*ASSIGNED TASK*. The word "EFinM" occurs in some lines of the listing. Copy those lines.

>>>

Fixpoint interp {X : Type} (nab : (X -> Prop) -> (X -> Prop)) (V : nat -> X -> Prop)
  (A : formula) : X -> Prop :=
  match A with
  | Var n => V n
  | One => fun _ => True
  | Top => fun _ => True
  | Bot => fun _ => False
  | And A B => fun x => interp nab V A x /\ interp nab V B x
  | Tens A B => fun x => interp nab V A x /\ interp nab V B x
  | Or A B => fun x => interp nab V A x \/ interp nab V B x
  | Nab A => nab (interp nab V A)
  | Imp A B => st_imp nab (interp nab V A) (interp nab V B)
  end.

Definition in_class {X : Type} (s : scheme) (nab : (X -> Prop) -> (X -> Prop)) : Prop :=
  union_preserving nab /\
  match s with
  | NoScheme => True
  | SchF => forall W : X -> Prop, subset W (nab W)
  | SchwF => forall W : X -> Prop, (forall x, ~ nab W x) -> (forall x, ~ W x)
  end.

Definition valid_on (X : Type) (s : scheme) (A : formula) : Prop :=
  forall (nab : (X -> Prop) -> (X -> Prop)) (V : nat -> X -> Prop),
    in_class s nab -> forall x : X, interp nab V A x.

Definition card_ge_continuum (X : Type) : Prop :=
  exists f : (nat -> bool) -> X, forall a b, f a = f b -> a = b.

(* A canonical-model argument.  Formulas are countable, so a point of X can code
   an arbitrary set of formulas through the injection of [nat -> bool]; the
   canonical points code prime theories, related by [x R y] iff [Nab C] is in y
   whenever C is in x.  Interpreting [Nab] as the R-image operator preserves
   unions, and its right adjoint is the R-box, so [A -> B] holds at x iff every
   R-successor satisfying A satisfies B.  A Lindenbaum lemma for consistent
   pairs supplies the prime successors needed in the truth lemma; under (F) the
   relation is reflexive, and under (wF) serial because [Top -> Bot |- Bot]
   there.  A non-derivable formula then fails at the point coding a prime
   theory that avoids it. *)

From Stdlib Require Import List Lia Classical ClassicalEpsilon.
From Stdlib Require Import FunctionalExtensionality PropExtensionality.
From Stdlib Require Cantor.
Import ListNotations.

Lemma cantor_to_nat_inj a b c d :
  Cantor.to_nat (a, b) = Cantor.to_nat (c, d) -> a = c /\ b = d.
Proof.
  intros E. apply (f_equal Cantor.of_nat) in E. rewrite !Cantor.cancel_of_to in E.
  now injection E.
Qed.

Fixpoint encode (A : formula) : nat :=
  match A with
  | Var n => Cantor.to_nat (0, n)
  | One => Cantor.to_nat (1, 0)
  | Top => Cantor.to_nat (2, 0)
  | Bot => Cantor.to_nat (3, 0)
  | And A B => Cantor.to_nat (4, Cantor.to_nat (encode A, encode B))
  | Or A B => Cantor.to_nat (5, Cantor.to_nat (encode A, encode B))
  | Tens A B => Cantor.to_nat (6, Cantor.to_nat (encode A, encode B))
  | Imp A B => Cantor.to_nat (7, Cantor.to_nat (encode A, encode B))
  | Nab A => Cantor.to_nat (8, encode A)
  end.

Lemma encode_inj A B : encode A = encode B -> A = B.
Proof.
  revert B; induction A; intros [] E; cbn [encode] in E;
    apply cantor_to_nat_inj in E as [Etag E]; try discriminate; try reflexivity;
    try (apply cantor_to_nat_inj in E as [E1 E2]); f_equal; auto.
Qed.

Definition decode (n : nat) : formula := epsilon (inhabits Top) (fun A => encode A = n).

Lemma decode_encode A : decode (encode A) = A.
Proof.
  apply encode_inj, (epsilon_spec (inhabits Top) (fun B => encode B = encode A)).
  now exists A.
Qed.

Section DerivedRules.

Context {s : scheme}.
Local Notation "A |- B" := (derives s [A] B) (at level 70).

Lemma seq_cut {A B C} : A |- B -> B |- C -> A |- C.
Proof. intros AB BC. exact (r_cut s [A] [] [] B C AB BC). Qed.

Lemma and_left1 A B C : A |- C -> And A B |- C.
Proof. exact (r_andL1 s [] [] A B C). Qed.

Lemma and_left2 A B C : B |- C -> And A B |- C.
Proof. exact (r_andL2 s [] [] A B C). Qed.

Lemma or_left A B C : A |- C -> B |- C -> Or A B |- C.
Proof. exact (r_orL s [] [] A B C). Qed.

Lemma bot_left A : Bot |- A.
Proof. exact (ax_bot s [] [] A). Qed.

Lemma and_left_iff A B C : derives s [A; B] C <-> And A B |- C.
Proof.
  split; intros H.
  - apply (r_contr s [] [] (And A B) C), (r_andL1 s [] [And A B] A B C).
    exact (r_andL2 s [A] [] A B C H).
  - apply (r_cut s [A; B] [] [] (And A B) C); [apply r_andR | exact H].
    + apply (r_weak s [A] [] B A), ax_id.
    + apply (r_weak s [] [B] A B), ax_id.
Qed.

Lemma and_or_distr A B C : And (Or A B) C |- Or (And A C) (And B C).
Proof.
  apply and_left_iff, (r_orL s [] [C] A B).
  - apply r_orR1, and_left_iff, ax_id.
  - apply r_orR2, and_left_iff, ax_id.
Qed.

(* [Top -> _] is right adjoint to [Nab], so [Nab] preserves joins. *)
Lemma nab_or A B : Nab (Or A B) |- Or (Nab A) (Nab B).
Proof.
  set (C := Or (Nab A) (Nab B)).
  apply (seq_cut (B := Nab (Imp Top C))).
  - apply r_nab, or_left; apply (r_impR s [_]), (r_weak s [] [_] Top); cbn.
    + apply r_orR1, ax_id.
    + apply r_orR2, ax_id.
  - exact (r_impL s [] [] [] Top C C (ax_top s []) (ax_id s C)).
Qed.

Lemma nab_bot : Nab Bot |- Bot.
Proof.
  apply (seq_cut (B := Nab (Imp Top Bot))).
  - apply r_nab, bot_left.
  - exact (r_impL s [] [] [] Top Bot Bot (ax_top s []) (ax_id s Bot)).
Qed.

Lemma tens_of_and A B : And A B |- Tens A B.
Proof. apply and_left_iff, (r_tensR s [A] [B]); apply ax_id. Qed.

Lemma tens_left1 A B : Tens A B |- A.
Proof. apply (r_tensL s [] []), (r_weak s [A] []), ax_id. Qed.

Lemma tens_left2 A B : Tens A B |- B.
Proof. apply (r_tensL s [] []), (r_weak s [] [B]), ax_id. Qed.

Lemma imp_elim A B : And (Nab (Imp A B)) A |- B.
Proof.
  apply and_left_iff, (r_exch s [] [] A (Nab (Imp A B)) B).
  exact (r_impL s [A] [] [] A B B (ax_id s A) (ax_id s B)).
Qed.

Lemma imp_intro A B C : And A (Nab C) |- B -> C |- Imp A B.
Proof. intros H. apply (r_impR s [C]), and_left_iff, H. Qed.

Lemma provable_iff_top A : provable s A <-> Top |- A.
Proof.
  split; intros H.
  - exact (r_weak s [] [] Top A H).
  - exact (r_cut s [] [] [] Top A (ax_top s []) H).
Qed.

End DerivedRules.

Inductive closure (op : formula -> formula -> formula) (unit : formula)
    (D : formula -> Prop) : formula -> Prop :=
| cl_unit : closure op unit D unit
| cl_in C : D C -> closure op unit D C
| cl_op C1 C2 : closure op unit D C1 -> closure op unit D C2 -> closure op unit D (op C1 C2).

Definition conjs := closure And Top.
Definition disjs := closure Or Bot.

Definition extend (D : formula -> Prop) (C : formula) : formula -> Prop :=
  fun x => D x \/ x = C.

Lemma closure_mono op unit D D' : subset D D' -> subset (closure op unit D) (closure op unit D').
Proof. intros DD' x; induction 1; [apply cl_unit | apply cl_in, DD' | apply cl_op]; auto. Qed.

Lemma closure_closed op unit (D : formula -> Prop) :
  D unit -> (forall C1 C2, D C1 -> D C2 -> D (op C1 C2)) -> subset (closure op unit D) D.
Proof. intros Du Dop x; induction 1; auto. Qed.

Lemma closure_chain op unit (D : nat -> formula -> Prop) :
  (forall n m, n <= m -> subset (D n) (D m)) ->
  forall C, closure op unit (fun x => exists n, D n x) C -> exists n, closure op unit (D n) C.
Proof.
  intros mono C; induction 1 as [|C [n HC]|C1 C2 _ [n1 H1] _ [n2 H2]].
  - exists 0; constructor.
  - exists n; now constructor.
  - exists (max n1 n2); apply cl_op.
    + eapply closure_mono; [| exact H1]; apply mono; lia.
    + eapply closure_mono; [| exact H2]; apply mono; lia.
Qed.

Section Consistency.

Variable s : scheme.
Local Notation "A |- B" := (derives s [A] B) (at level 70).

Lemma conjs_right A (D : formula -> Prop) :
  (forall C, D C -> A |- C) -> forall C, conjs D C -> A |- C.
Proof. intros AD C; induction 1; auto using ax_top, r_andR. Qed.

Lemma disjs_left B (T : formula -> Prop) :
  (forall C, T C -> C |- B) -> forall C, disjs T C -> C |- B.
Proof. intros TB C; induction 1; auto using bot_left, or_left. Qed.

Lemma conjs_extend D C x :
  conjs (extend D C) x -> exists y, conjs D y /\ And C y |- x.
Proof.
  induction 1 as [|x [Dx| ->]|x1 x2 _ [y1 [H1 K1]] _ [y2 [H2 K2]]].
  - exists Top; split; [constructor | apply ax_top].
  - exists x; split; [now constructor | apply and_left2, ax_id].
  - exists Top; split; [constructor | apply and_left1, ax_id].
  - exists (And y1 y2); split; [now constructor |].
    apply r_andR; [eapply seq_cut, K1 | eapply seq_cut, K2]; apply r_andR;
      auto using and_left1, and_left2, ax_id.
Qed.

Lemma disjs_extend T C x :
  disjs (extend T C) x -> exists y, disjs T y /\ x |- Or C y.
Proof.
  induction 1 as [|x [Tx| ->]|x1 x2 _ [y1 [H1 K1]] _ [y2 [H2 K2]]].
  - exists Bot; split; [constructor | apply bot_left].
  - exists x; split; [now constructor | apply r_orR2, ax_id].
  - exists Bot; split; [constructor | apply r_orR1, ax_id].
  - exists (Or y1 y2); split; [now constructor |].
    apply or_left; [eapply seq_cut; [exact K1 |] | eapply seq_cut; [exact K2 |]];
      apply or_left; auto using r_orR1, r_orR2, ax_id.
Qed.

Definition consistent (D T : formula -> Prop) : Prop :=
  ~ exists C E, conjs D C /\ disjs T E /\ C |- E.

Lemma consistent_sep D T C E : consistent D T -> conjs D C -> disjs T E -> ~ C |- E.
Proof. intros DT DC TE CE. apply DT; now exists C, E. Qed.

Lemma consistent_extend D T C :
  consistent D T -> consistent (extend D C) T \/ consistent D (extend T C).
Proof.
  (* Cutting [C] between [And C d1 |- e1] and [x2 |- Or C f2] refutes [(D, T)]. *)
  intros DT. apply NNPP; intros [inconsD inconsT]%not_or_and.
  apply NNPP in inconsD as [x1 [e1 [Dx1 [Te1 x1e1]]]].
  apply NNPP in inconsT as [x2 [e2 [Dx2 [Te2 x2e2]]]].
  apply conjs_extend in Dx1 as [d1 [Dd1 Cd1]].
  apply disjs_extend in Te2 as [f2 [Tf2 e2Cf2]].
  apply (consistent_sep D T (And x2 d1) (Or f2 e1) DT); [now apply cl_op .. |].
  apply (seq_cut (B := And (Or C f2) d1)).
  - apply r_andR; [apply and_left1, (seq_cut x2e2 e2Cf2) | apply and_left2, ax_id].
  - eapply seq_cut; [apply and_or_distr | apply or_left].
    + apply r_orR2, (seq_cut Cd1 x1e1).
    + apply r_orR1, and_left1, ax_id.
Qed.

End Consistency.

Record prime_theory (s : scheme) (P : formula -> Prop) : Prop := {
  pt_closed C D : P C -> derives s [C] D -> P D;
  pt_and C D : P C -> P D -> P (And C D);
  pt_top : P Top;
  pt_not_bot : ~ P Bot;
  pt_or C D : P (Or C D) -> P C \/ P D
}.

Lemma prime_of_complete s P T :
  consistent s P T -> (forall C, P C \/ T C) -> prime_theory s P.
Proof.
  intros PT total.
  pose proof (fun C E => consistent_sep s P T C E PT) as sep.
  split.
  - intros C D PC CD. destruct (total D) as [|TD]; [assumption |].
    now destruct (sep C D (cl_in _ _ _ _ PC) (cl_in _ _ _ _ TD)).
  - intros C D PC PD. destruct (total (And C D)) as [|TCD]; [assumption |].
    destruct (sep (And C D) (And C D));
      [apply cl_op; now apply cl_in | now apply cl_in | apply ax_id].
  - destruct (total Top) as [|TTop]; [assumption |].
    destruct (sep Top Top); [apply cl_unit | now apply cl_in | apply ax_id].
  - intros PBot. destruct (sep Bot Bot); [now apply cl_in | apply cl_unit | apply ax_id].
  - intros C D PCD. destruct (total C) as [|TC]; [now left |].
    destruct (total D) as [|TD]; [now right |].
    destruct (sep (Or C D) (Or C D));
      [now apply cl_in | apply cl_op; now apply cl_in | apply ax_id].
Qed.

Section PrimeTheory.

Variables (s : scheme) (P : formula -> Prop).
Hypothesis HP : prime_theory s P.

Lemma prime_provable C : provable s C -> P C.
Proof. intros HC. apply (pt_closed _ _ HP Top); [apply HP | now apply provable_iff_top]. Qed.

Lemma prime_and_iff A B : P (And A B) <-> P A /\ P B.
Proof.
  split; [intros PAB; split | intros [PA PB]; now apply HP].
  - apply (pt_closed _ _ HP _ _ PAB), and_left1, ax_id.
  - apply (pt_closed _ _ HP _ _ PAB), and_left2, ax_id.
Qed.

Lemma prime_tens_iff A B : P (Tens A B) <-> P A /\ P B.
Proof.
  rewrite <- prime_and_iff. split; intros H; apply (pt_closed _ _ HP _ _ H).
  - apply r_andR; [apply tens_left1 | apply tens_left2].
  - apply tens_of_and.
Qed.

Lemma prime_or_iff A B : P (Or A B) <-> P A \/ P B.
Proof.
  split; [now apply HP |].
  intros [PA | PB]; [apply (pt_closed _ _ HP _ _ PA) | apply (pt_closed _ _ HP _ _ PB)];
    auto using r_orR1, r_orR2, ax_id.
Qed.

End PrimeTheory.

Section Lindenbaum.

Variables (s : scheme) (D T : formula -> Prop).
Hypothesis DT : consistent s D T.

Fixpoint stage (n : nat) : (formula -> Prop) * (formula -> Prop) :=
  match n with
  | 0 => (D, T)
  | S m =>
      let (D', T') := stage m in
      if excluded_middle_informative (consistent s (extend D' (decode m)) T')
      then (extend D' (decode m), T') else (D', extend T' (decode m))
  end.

<<<
>>>

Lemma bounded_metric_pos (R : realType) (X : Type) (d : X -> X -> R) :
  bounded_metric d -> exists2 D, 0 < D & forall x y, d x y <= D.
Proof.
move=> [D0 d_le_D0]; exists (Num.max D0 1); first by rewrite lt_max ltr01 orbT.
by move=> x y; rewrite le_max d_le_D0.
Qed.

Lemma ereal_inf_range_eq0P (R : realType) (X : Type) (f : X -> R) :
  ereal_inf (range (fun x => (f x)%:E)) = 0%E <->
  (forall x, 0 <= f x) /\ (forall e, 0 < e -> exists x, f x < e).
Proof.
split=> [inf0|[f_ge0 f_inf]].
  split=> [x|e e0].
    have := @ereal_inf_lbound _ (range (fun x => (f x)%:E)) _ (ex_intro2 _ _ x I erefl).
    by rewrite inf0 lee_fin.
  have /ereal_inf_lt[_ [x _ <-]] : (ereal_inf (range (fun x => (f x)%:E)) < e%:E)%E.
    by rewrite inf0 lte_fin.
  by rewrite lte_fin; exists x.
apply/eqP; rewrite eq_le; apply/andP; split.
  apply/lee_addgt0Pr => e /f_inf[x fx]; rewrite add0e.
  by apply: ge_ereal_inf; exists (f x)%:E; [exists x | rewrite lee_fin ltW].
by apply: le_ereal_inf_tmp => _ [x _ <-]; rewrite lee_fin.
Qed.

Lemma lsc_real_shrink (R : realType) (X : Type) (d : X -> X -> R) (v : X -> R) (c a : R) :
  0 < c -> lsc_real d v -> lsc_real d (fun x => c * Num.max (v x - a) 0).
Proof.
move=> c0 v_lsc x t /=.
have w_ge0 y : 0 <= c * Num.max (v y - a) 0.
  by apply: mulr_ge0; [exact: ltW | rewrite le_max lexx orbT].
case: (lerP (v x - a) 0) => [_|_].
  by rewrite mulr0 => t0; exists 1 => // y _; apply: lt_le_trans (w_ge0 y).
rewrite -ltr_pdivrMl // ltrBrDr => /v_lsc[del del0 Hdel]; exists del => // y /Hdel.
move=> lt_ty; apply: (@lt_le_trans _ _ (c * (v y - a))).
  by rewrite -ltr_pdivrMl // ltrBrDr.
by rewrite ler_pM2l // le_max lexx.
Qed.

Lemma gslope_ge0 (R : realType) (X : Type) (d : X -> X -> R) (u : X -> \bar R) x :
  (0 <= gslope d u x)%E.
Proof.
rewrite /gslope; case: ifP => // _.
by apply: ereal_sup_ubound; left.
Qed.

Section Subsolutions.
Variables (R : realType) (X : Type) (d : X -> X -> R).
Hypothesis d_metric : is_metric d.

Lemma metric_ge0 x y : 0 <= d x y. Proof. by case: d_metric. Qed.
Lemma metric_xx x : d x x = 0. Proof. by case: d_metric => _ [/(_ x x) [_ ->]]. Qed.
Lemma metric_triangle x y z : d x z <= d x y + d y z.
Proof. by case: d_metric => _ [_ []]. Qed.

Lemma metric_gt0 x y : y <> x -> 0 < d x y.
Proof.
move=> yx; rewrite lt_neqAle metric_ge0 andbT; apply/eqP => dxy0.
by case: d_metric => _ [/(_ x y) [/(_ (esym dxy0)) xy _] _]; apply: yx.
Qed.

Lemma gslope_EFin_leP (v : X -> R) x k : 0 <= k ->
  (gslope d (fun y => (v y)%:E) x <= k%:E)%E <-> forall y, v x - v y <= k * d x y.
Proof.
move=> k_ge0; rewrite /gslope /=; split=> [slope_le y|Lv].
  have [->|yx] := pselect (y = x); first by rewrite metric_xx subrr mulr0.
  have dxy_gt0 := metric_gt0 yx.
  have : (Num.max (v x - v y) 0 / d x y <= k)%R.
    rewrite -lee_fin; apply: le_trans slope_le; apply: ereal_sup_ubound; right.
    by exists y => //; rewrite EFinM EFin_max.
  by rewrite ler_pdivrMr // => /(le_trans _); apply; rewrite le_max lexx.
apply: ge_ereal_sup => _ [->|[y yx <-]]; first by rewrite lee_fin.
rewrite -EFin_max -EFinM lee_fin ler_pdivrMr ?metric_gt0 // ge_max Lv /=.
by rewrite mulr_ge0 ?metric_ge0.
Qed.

<<<

*RESPONSE BELOW*.
    by exists y => //; rewrite EFinM EFin_max.
rewrite -EFin_max -EFinM lee_fin ler_pdivrMr ?metric_gt0 // ge_max Lv /=.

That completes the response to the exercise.